И хуже того, что я винила его в своих несчастьях, возможно, я использовала его.
Использовала его как козла отпущения для своей боли, своих страданий. Как боксерскую грушу, когда мне нужно было почувствовать ярость. Как ответ, когда я задавалась вопросом, Почему я? Почему я должна умереть?
И, что самое страшное, в тихой темной комнате, пахнущей переплетенной кожей, я, возможно, обременяла Кейна всей своей болью, используя его, чтобы развеять ее, задолго до битвы в Бухте Сирены.
В Шэдоухолде, когда так мало что имело для меня смысл. Когда мир, каким я его знала, разрушался минута за минутой, кусочек за кусочком. Когда все, чего хотел Кейн, — это показать мне остальную часть цветка, а я была зациклена на стебле. И я боролась с ним изо всех сил.
Может быть, теперь, когда он сделал то, что всегда клялся не делать — попытался впустить меня, позволить себе уязвимость, которую он всегда считал слабостью, — я была ему должна свою уязвимость.
Или, по крайней мере, извинение.
Я не могла смотреть, как он сражается за меня, защищает меня, желает меня издалека — в то время как я скрывала свои чувства к нему.
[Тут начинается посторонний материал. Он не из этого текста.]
Lemma image_conjgen (X Y : gset A) :
  image f (conjgen X Y) = conjgen (image f X) (image f Y).
Proof.
  unfold conjgen. rewrite image_gen. f_equal.
  apply seteq_eq. intro z; split.
  - intros [w [[a [b [Ha [Hb ->]]]] <-]].
    exists (f a), (f b). repeat split; [exists a | exists b | apply morph_conjg]; auto.
  - intros [a' [b' [[a [Ha <-]] [[b [Hb <-]] ->]]]].
    exists (conjg a b). split; [exists a, b; auto | apply morph_conjg].
Qed.

Lemma image_derived (X : gset A) : image f (derived X) = derived (image f X).
Proof.
  unfold derived. rewrite image_gen. f_equal.
  apply seteq_eq. intro z; split.
  - intros [w [[a [b [Ha [Hb ->]]]] <-]].
    exists (f a), (f b). repeat split; [exists a | exists b | apply morph_commg]; auto.
  - intros [a' [b' [[a [Ha <-]] [[b [Hb <-]] ->]]]].
    exists (commg a b). split; [exists a, b; auto | apply morph_commg].
Qed.

Lemma image_preimage :
  (forall b, exists a, f a = b) -> forall H : gset B, image f (fun a => H (f a)) = H.
Proof.
  intros f_surj H. apply seteq_eq; intro b; split.
  - intros [a [Ha <-]]; exact Ha.
  - intro Hb. destruct (f_surj b) as [a Ha]. exists a. rewrite Ha; auto.
Qed.

End Morphisms.

Section Conjugation.

Context {G : grp}.
Implicit Types X Y : gset G.

Lemma conjgMl (b x y : G) : conjg (x ** y) b = conjg x b ** conjg y b.
Proof. unfold conjg. gsimpl. reflexivity. Qed.

Lemma conjgM (a b c : G) : conjg (conjg a b) c = conjg a (b ** c).
Proof. unfold conjg. gsimpl. reflexivity. Qed.

Lemma conjg1 (a : G) : conjg a gone = a.
Proof. unfold conjg. gsimpl. reflexivity. Qed.

Lemma conjgen_subgroup X Y : subgroup (conjgen X Y).
Proof. apply gen_subgroup. Qed.

Lemma sub_conjgen X Y : Y gone -> subset X (conjgen X Y).
Proof.
  intros Y1 a Ha. apply gen_sub. exists a, gone.
  repeat split; auto. symmetry; apply conjg1.
Qed.

Lemma conjgen_conjg X Y g x :
  subgroup Y -> Y g -> conjgen X Y x -> conjgen X Y (conjg x g).
Proof.
  intros [_ [HM _]] Hg Hx.
  set (gens := fun z => exists a b, X a /\ Y b /\ z = conjg a b).
  apply (gen_mono (image (fun z => conjg z g) gens)).
  - intros z [w [[a [b [Ha [Hb ->]]]] <-]].
    exists a, (b ** g). repeat split; auto. apply conjgM.
  - apply image_gen_sub; [intros; apply conjgMl | exists x; auto].
Qed.

Lemma normalizer_conjgen X Y : subgroup Y -> subset Y (normalizer (conjgen X Y)).
Proof.
  intros HY g Hg x. split; [apply conjgen_conjg; auto|].
  intro Hx. destruct HY as [Y1 [YM YV]].
  pose proof (conjgen_conjg X Y (ginv g) _ (conj Y1 (conj YM YV)) (YV _ Hg) Hx) as H.
  rewrite conjgM, mulgV, conjg1 in H. exact H.
Qed.

Lemma conjgen_sub_derived X Y :
  subset X (derived X) -> subset (conjgen X Y) (derived (conjgen X Y)).
Proof.
  intro HX. apply gen_min; [apply gen_subgroup|].
  intros z [a [b [Ha [Hb ->]]]].
  set (comms := fun z => exists c d, X c /\ X d /\ z = commg c d).
  apply (gen_mono (image (fun w => conjg w b) comms)).
  - intros z [w [[c [d [Hc [Hd ->]]]] <-]].
    exists (conjg c b), (conjg d b). repeat split.
    + apply gen_sub. exists c, b; auto.
    + apply gen_sub. exists d, b; auto.
    + apply (morph_commg (f := fun w => conjg w b)). intros; apply conjgMl.
  - apply image_gen_sub; [intros; apply conjgMl | exists a; split; [apply HX, Ha | reflexivity]].
Qed.

Lemma full_sub_derived X F : subset X (derived X) -> full X F -> subset F (derived F).
Proof.
  intros HX [_ [_ HF]]. apply seteq_eq in HF. rewrite <- HF.
  apply conjgen_sub_derived, HX.
Qed.

End Conjugation.

Section CentralExtension.

Context {S G : grp}.
Context {pi : S -> G}.
Hypothesis pi_hom : forall x y, pi (x ** y) = pi x ** pi y.
Hypothesis pi_central : forall k : S, pi k = gone -> forall s : S, k ** s = s ** k.

Lemma fibre_ker (x y : S) : pi x = pi y -> exists k, pi k = gone /\ x = y ** k.
Proof.
  intro E. exists (ginv y ** x). split.
  - rewrite pi_hom, (morphV pi_hom), E. apply mulVg.
  - gsimpl. reflexivity.
Qed.

Lemma commg_mulr_ker (y z k l : S) :
  pi k = gone -> pi l = gone -> commg (y ** k) (z ** l) = commg y z.
Proof.
  intros Hk Hl.
  assert (Hk' : pi (ginv k) = gone) by (rewrite (morphV pi_hom), Hk; apply invg1).
  assert (Hl' : pi (ginv l) = gone) by (rewrite (morphV pi_hom), Hl; apply invg1).
  unfold commg. gsimpl.
  rewrite (pi_central _ Hk'). gsimpl.
  rewrite (pi_central _ Hl'). gsimpl.
  rewrite (pi_central _ Hl (ginv k ** ginv l)). gsimpl.
  rewrite (pi_central _ Hk (z ** ginv k)). gsimpl. reflexivity.
Qed.

Lemma sub_of_image_sub (X Y : gset S) :
  subset X (derived X) -> subgroup Y -> subset (image pi X) (image pi Y) -> subset X Y.
Proof.
  intros HX HY HXY x Hx. apply HX in Hx. revert x Hx.
  apply gen_min; [exact HY|].
  intros z [a [b [Ha [Hb ->]]]].
  destruct (HXY (pi a)) as [a' [Ha' Ea]]; [exists a; auto|].
  destruct (HXY (pi b)) as [b' [Hb' Eb]]; [exists b; auto|].
  destruct (fibre_ker a a' (eq_sym Ea)) as [k [Hk ->]].
  destruct (fibre_ker b b' (eq_sym Eb)) as [l [Hl ->]].
  rewrite commg_mulr_ker by assumption.
  destruct HY as [_ [YM YV]]. unfold commg. auto.
Qed.

End CentralExtension.
Section SmallestLift.

Context {S G : grp} {pi : S -> G}.
Hypothesis pi_hom : forall x y, pi (x ** y) = pi x ** pi y.
Hypothesis pi_surj : forall g, exists s, pi s = g.
Hypothesis pi_central : forall k : S, pi k = gone -> forall s : S, k ** s = s ** k.
Context {D : gset G} {Dt : gset S}.
Hypothesis D_perf : perfect D.
Hypothesis Dt_im : image pi Dt = D.
Hypothesis Dt_min : forall H, subgroup H -> seteq (image pi H) D -> subset Dt H.

Lemma lift_sub_derived : subset Dt (derived Dt).
Proof.
  apply Dt_min; [apply gen_subgroup|]. apply eq_seteq.
  rewrite (image_derived pi_hom), Dt_im.
  destruct D_perf as [_ HD]. symmetry; apply seteq_eq, HD.
Qed.

Lemma image_conjgen_lift (Y : gset S) : image pi (conjgen Dt Y) = conjgen D (image pi Y).
Proof. rewrite (image_conjgen pi_hom), Dt_im. reflexivity. Qed.

Lemma image_lift_sub (H : gset S) : subset Dt H -> subset D (image pi H).
Proof. rewrite <- Dt_im. intros HDH g [a [Ha <-]]. exists a; auto. Qed.

Lemma full_image (F : gset S) : full Dt F -> full D (image pi F).
Proof.
  intros [HF [HDF HFF]]. apply seteq_eq in HFF.
  split; [apply (image_subgroup pi_hom), HF | split; [apply image_lift_sub, HDF|]].
  rewrite <- image_conjgen_lift, HFF. apply eq_seteq; reflexivity.
Qed.

Lemma conjgen_lift_sub (Y Z : gset S) :
  subgroup Z -> subset (image pi (conjgen Dt Y)) (image pi Z) -> subset (conjgen Dt Y) Z.
Proof.
  apply (sub_of_image_sub pi_hom pi_central), conjgen_sub_derived, lift_sub_derived.
Qed.

Lemma full_conjgen_lift (Y : gset S) :
  Y gone -> full D (conjgen D (image pi Y)) -> full Dt (conjgen Dt Y).
Proof.
  intros Y1 [_ [_ Hfull]]. apply seteq_eq in Hfull.
  assert (Eim : image pi (conjgen Dt (conjgen Dt Y)) = image pi (conjgen Dt Y)).
  { rewrite !image_conjgen_lift. exact Hfull. }
  split; [apply conjgen_subgroup | split; [apply sub_conjgen, Y1|]].
  intro x; split; apply conjgen_lift_sub; try apply conjgen_subgroup.
  - apply eq_subset, Eim.
  - apply eq_subset; symmetry; exact Eim.
Qed.

Lemma full_image_inj (F1 F2 : gset S) :
  full Dt F1 -> full Dt F2 -> seteq (image pi F1) (image pi F2) -> seteq F1 F2.
Proof.
  assert (Hsub : forall F F', full Dt F -> full Dt F' ->
                 image pi F = image pi F' -> subset F F').
  { intros F F' HF HF' E. apply (sub_of_image_sub pi_hom pi_central).
    - exact (full_sub_derived _ _ lift_sub_derived HF).
    - apply HF'.
    - apply eq_subset, E. }
  intros HF1 HF2 HI. apply seteq_eq in HI.
  intro x; split; apply Hsub; auto.
Qed.

Lemma full_image_surj (E : gset G) :
  full D E -> exists F, full Dt F /\ seteq (image pi F) E.
Proof.
  intros HE. pose proof HE as [[E1 _] [_ HEE]]. apply seteq_eq in HEE.
  exists (conjgen Dt (fun s => E (pi s))).
  rewrite image_conjgen_lift, (image_preimage pi_surj), HEE.
  split; [|apply eq_seteq; reflexivity].
  apply full_conjgen_lift.
  - rewrite (morph1 pi_hom). exact E1.
  - rewrite (image_preimage pi_surj), HEE. exact HE.
Qed.

Lemma sandwich_classification_lift :
  sandwich_classification D -> sandwich_classification Dt.
Proof.
  intros SC H HH HDH. split; [|apply normalizer_conjgen, HH].
  apply full_conjgen_lift; [apply HH|].
  apply SC; [apply (image_subgroup pi_hom), HH | apply image_lift_sub, HDH].
Qed.

Lemma sandwich_classification_descend :
  sandwich_classification Dt -> sandwich_classification D.
Proof.
  intros SC H HH HDH. split; [|apply normalizer_conjgen, HH].
  destruct (SC (fun s => H (pi s))) as [Hfull _].
  - apply (preimage_subgroup pi_hom), HH.
  - intros a Ha. apply HDH. rewrite <- Dt_im. exists a; auto.
  - apply full_image in Hfull.
    rewrite image_conjgen_lift, (image_preimage pi_surj) in Hfull. exact Hfull.
Qed.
Это была настоящая трусость.
Какими были эти чувства, я не знала до конца. Притяжение, химия, дружба… Я не была уверена, что могу чувствовать что-то так же, как раньше. Не тогда, когда это оцепенение, эта тьма, этот мрачный, отвратительный страх ползли по моим венам.
Но, может быть, я скажу именно это.
Что я все еще не понимала, чего хочу и что чувствую, — но тосковала по нему. В глубине души, в дрожащих пальцах, жаждущих прикоснуться к нему, в ушах, ловящих его голос в каждом шорохе. Я скучала по нему. И если бы это не было слишком эгоистично — попросить его быть терпеливым с моими обрывками чувств, дать мне шанс разобраться в себе, даже если мы оба знали, что времени у меня осталось мало.
Может быть, я просто попросила бы его попробовать.
Это было все, о чем он когда-либо просил меня.